Text (verbatim): “The controller and the processor and, where applicable, their representatives, shall cooperate, on request, with the supervisory authority in the performance of its tasks.” (Regulation (EU) 2016/679, Article 31)

Operator interpretation: You must be able to receive, triage, and respond to supervisory authority requests in a timely, accurate, and complete way. “Cooperate” is practical, not symbolic: produce information, make knowledgeable staff available, explain decisions, and support the authority’s lawful tasks. The trigger is a request from the supervisory authority, not your own internal timeline. (Regulation (EU) 2016/679, Article 31)

Plain-English interpretation (what the requirement means in practice)

Article 31 creates a standing obligation: if a supervisory authority asks for information or assistance related to its tasks, you respond constructively. This is not limited to controllers.

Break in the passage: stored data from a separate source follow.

Lemma sortset_tmerge (M : Type) (m0 : M) (Z R : M -> Prop) k (col : 'I_k -> bool) :
  exists p q (sel : 'I_k -> 'I_p + 'I_q), forall t, sortset Z R col t ->
    exists x y, [/\ forall a, Z (x a), forall b, R (y b) & tmerge sel x y = t].
Proof.
have [[z Zz]|noZ] := classic (exists z, Z z); last first.
  exists 0, k, inr => t St; exists (fun _ => m0), t; split=> // [[] //|b].
  by move: (St b); case: (col b) => // Zt; case: noZ; exists (t b).
have [[r Rr]|noR] := classic (exists r, R r); last first.
  exists k, 0, inl => t St; exists t, (fun _ => m0); split=> // [a|[] //].
  by move: (St a); case: (col a) => // Rt; case: noR; exists (t a).
exists k, k, (fun i => if col i then inl i else inr i) => t St.
exists (fun i => if col i then t i else z), (fun i => if col i then r else t i).
split=> [a|b|]; first (by move: (St a); case: (col a)); first by move: (St b); case: (col b).
by apply: functional_extensionality => i; rewrite /tmerge; case E: (col i); rewrite /= ?E.
Qed.
Lemma basic_seq_neq0 (R : realType) (V : normedModType R) m (y : 'I_m -> V) k :
  is_basic_seq y -> y k != 0.
Proof.
move=> y_basic; apply/eqP => yk0.
suff : (k == k)%:R = 0 :> R by rewrite eqxx => /eqP; rewrite oner_eq0.
apply: (y_basic (fun l => (l == k)%:R)).
by rewrite (bigD1 k) //= big1 ?yk0 ?scaler0 ?addr0 // => l /negPf ->; rewrite scale0r.
Qed.

Section UnconditionalNorm.
Variables (R : realType) (V : normedModType R) (m : nat) (y : 'I_m -> V).

Definition lincomb_norm (b : 'I_m -> R) : R := `| \sum_(k < m) b k *: y k |.

Lemma lincomb_normZ t b : lincomb_norm (fun k => t * b k) = `|t| * lincomb_norm b.
Proof.
rewrite /lincomb_norm -normrZ scaler_sumr; congr `|_|.
by apply: eq_bigr => k _; rewrite scalerA.
Qed.

Lemma lincomb_norm_le b c :
  lincomb_norm b <= lincomb_norm c + \sum_(k < m) `|y k| * `|b k - c k|.
Proof.
rewrite /lincomb_norm.
have -> : \sum_(k < m) b k *: y k =
    \sum_(k < m) c k *: y k + \sum_(k < m) (b k - c k) *: y k.
  by rewrite -big_split /=; apply: eq_bigr => k _; rewrite -scalerDl addrC subrK.
apply: le_trans (ler_normD _ _) _; rewrite lerD2l.
apply: le_trans (ler_norm_sum _ _ _) _; apply: ler_sum => k _.
by rewrite normrZ mulrC.
Qed.

Lemma sublinear_lincomb_norm : sublinear (fun x : 'rV[R]_m => lincomb_norm (x 0)).
Proof.
split=> [x x'|t x t_ge0].
  rewrite /lincomb_norm; under eq_bigr => k _ do rewrite mxE scalerDl.
  by rewrite big_split; exact: ler_normD.
rewrite -[t in RHS]ger0_norm // -lincomb_normZ.
by congr lincomb_norm; apply: funext => k; rewrite mxE.
Qed.

Hypothesis y_unc : one_unconditional y.

Lemma lincomb_norm_abs b : lincomb_norm (fun k => `|b k|) = lincomb_norm b.
Proof.
rewrite /lincomb_norm -(y_unc b (fun k => b k < 0)); congr `|_|.
apply: eq_bigr => k _; case: ltP => [b_lt0|b_ge0].
  by rewrite expr1 mulN1r ltr0_norm.
by rewrite expr0 mul1r ger0_norm.
Qed.

Lemma coord_le_lincomb_norm b j : `|b j| * `|y j| <= lincomb_norm b.
Proof.
have sum_flip : \sum_(k < m) ((-1) ^+ (k != j) * b k) *: y k + \sum_(k < m) b k *: y k
    = (b j + b j) *: y j.
  rewrite -big_split /= (bigD1 j) //= big1 ?addr0 => [|k /negPf kj].
    by rewrite eqxx expr0 mul1r scalerDl.
  by rewrite kj expr1 mulN1r -scalerDl addNr scale0r.
have := ler_normD (\sum_(k < m) ((-1) ^+ (k != j) * b k) *: y k)
                  (\sum_(k < m) b k *: y k).
rewrite sum_flip y_unc normrZ -mulr2n -mulr_natr normrM (ger0_norm (ler0n _ 2)).
rewrite -/(lincomb_norm b); lra.
Qed.

Definition minorant (a : 'I_m -> R) :=
  (forall k, 0 <= a k) /\ forall b, \sum_(k < m) a k * `|b k| <= lincomb_norm b.

Definition norms (a c : 'I_m -> R) := lincomb_norm c <= \sum_(k < m) a k * `|c k|.

Lemma unit_minorant l : minorant (fun k => (l == k)%:R * `|y k|).
Proof.
split=> [k|b]; first by rewrite mulr_ge0.
rewrite (bigD1 l) //= big1 ?addr0 => [|k /negPf lk]; last by rewrite eq_sym lk !mul0r.
by rewrite eqxx mul1r mulrC coord_le_lincomb_norm.
Qed.

Lemma exists_norming_minorant c : exists a, minorant a /\ norms a c.
Proof.
have [f [f_le f_c]] := row_hahn_banach (\row_k `|c k|) sublinear_lincomb_norm.
exists (fun k => `|f k|); split; first split=> [k|b]; first exact: normr_ge0.
  pose s k := f k * b k < 0.
  have := f_le (\row_k ((-1) ^+ s k * b k)).
  have -> : (\row_k ((-1) ^+ s k * b k)) 0 = (fun k => (-1) ^+ s k * b k).
    by apply: funext => k; rewrite mxE.
  have -> : \sum_(k < m) (-1) ^+ s k * b k * f k = \sum_(k < m) `|f k| * `|b k|.
    apply: eq_bigr => k _; rewrite -normrM mulrC /s; case: ltP => [fb_lt0|fb_ge0].
      by rewrite expr1 mulN1r mulrN ltr0_norm.
    by rewrite expr0 mul1r ger0_norm.
  by rewrite {1}/lincomb_norm y_unc.
rewrite /norms -lincomb_norm_abs.
have -> : (fun k => `|c k|) = (\row_k `|c k|) 0 by apply: funext => k; rewrite mxE.
rewrite -f_c; apply: ler_sum => k _.
by rewrite mxE mulrC ler_wpM2r ?ler_norm.
Qed.

End UnconditionalNorm.

Section GridMinorants.
Variables (R : realType) (V : normedModType R) (m : nat) (y : 'I_m -> V).
Hypotheses (y_unc : one_unconditional y) (y_neq0 : forall k, y k != 0).

Lemma norms_scale a c t : 0 <= t -> norms y a c -> norms y a (fun k => t * c k).
Proof.
move=> t_ge0 a_c; rewrite /norms lincomb_normZ ger0_norm //.
under eq_bigr => k _ do rewrite normrM (ger0_norm t_ge0) mulrCA.
by rewrite -mulr_sumr ler_wpM2l.
Qed.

Processors also have direct obligations to cooperate, which matters when the authority contacts a service provider directly, or when you need the processor to support your response. (Regulation (EU) 2016/679, Article 31)

From an operating perspective, cooperation usually means:

• A controlled intake channel for regulatory communications.
• A consistent method to identify which processing activity, system, dataset, and legal entity is in scope.
• A coordinated response that is fact-checked, privilege-aware, and approved.
• Traceable production: what was requested, what you provided, and what you did next.

Who it applies to (entity and operational context)

Applies to:

• Controllers subject to GDPR for the relevant processing.
• Processors subject to GDPR for the relevant processing.
• EU/Member State representatives, where required, when acting on behalf of controllers/processors. (Regulation (EU) 2016/679, Article 31)

Operational contexts where Article 31 shows up:

• A complaint investigation tied to a data subject issue.
• Follow-up questions after a personal data breach notification (your own or a third party’s).
• A thematic inquiry (for example, around a type of processing, marketing practice, or cross-border transfer) where the authority asks multiple organizations for information.
• Processor-side outreach: the authority asks your processor for logs or incident details, and your processor needs a cooperative process to respond and keep you aligned.

Control objective (what “good” looks like)

You can demonstrate, with evidence, that:

1. Supervisory authority requests are identified and escalated immediately.
2. Roles are clear (controller vs. processor per processing activity) so the response matches your obligations.
3. Responses are accurate, complete, consistent, and approved.
4. You retain an auditable record of the end-to-end exchange. (Regulation (EU) 2016/679, Article 31)

What you actually need to do (step-by-step)

Step 1: Define scope and roles (controller vs. processor) for fast decisions

Create and maintain a GDPR role-and-scope register that maps:

• Legal entities in your group.
• Processing activities (aligned to your ROPA if you maintain one).
• Role per activity (controller/processor/joint controller where relevant).
• Data categories and systems involved.
• Key third parties involved in the activity (processors/sub-processors).

Why this matters for Article 31: it prevents “role confusion” during regulator engagement, which is where teams lose time and create inconsistent statements.

Step 2: Stand up a “supervisory authority request” operating procedure

Write a short SOP that answers, with names and backups:

• Intake owner: who monitors official inboxes/portals and receives mail.
• Case owner: who runs the request end-to-end (often Privacy Office/DPO, Compliance, or Legal).
• Decision rights: who approves external statements and evidence production (usually Legal + DPO/Privacy + relevant exec).
• Triage path: how you classify request type (inquiry, investigation, follow-up, on-site/remote audit, information demand).
• Response mechanics: how you draft, review, and submit; how you translate if needed; how you handle meetings/interviews.
• Third-party coordination: how you require processors to support information gathering promptly (contract + runbook).
• Recordkeeping: where the regulator case file lives and who can access it. (Regulation (EU) 2016/679, Article 31)

Step 3: Build a regulator-request intake and tracking workflow

In your GRC tool, ticketing system, or a dedicated regulator mailbox plus case tracker:

• Log every request with date/time received, requesting authority, and scope.
• Assign an owner and due date (use the authority’s deadline when provided; if not provided, set an internal target and document your rationale).
• Track tasks for each function: Security, Engineering, Product, Marketing, HR, Customer Support, Vendor Management.
• Track versions of drafts and final submissions.
• Track what evidence was provided.

If you use Daydream, set up a “Regulator Request” playbook that auto-creates an evidence checklist aligned to your GDPR artifacts, then attaches outputs to a single case record for audit-ready retrieval.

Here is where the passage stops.